## What you should do:
Every line with the string "Implicit" must be copied from the entries below.

## Given records:
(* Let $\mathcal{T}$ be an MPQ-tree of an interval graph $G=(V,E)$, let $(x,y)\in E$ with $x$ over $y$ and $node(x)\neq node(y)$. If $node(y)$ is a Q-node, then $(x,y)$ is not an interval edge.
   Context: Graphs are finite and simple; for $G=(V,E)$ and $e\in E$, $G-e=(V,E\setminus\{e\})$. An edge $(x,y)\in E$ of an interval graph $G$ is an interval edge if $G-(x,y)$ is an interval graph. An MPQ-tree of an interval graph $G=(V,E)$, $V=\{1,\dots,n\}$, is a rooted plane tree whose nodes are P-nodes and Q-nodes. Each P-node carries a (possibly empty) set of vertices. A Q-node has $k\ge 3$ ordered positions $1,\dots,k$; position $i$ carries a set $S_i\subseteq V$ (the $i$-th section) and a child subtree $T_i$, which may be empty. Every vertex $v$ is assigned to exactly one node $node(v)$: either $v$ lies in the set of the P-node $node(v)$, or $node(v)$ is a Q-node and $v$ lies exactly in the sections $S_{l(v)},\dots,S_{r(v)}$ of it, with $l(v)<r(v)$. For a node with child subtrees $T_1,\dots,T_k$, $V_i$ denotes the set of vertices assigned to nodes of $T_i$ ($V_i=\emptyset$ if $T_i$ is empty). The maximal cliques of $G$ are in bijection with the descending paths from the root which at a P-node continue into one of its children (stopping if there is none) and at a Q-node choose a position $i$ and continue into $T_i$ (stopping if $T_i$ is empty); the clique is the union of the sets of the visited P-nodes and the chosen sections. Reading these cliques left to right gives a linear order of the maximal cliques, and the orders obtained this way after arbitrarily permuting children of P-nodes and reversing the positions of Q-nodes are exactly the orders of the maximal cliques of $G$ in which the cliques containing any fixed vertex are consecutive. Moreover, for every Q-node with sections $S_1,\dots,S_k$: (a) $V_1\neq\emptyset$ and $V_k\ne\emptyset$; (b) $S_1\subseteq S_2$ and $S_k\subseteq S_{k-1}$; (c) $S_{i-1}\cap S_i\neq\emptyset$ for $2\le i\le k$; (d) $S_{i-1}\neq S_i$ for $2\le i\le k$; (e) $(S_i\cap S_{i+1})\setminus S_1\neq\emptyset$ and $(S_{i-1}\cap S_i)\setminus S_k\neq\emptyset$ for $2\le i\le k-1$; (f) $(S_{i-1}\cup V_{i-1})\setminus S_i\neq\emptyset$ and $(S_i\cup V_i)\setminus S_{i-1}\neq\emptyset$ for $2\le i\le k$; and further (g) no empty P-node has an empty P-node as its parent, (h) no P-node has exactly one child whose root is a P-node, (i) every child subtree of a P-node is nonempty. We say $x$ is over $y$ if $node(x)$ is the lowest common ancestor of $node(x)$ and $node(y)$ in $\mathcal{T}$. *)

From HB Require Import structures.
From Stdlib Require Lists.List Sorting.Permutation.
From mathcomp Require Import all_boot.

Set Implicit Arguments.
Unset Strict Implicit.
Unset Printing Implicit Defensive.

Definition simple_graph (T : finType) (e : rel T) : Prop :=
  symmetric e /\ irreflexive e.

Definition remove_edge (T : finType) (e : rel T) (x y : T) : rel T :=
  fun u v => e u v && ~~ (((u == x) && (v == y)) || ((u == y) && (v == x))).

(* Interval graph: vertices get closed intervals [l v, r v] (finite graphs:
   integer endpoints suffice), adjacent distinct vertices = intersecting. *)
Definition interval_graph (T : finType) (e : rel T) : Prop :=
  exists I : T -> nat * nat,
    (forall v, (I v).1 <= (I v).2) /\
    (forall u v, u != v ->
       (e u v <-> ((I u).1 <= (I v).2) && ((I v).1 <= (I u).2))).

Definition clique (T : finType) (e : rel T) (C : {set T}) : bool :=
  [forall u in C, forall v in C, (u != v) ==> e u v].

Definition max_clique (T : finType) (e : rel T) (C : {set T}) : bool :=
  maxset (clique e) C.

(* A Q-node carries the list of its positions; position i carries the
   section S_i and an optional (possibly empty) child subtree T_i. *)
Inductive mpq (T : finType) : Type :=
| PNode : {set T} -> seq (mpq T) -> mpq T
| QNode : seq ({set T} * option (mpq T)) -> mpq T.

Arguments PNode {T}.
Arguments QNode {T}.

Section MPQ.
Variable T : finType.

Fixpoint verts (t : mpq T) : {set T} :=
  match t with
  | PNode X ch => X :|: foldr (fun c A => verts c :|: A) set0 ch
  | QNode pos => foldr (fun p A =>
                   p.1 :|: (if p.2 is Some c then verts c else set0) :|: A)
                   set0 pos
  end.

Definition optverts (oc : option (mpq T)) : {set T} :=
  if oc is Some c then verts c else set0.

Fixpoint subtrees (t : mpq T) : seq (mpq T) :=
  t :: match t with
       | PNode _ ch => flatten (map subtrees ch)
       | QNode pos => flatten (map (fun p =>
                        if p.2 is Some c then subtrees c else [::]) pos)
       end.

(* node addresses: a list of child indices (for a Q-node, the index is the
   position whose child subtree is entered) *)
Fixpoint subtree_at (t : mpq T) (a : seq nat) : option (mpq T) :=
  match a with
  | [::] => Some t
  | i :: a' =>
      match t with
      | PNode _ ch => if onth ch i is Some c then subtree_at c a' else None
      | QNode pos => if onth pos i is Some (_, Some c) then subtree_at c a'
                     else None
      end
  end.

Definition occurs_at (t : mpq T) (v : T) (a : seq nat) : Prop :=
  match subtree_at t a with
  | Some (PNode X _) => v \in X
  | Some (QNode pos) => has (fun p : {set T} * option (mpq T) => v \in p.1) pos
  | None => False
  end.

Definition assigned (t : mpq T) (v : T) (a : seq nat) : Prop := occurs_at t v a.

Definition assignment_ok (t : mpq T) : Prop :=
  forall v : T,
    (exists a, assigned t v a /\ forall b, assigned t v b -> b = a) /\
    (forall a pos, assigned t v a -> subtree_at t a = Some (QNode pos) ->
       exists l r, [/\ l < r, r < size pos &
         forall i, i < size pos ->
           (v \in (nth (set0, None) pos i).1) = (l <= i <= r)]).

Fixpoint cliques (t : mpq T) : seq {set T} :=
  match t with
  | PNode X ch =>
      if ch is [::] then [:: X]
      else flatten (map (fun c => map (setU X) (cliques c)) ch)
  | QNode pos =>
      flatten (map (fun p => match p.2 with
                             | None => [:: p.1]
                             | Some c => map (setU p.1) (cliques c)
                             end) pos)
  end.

## Task response:
Set Implicit Arguments.
Unset Strict Implicit.
Unset Printing Implicit Defensive.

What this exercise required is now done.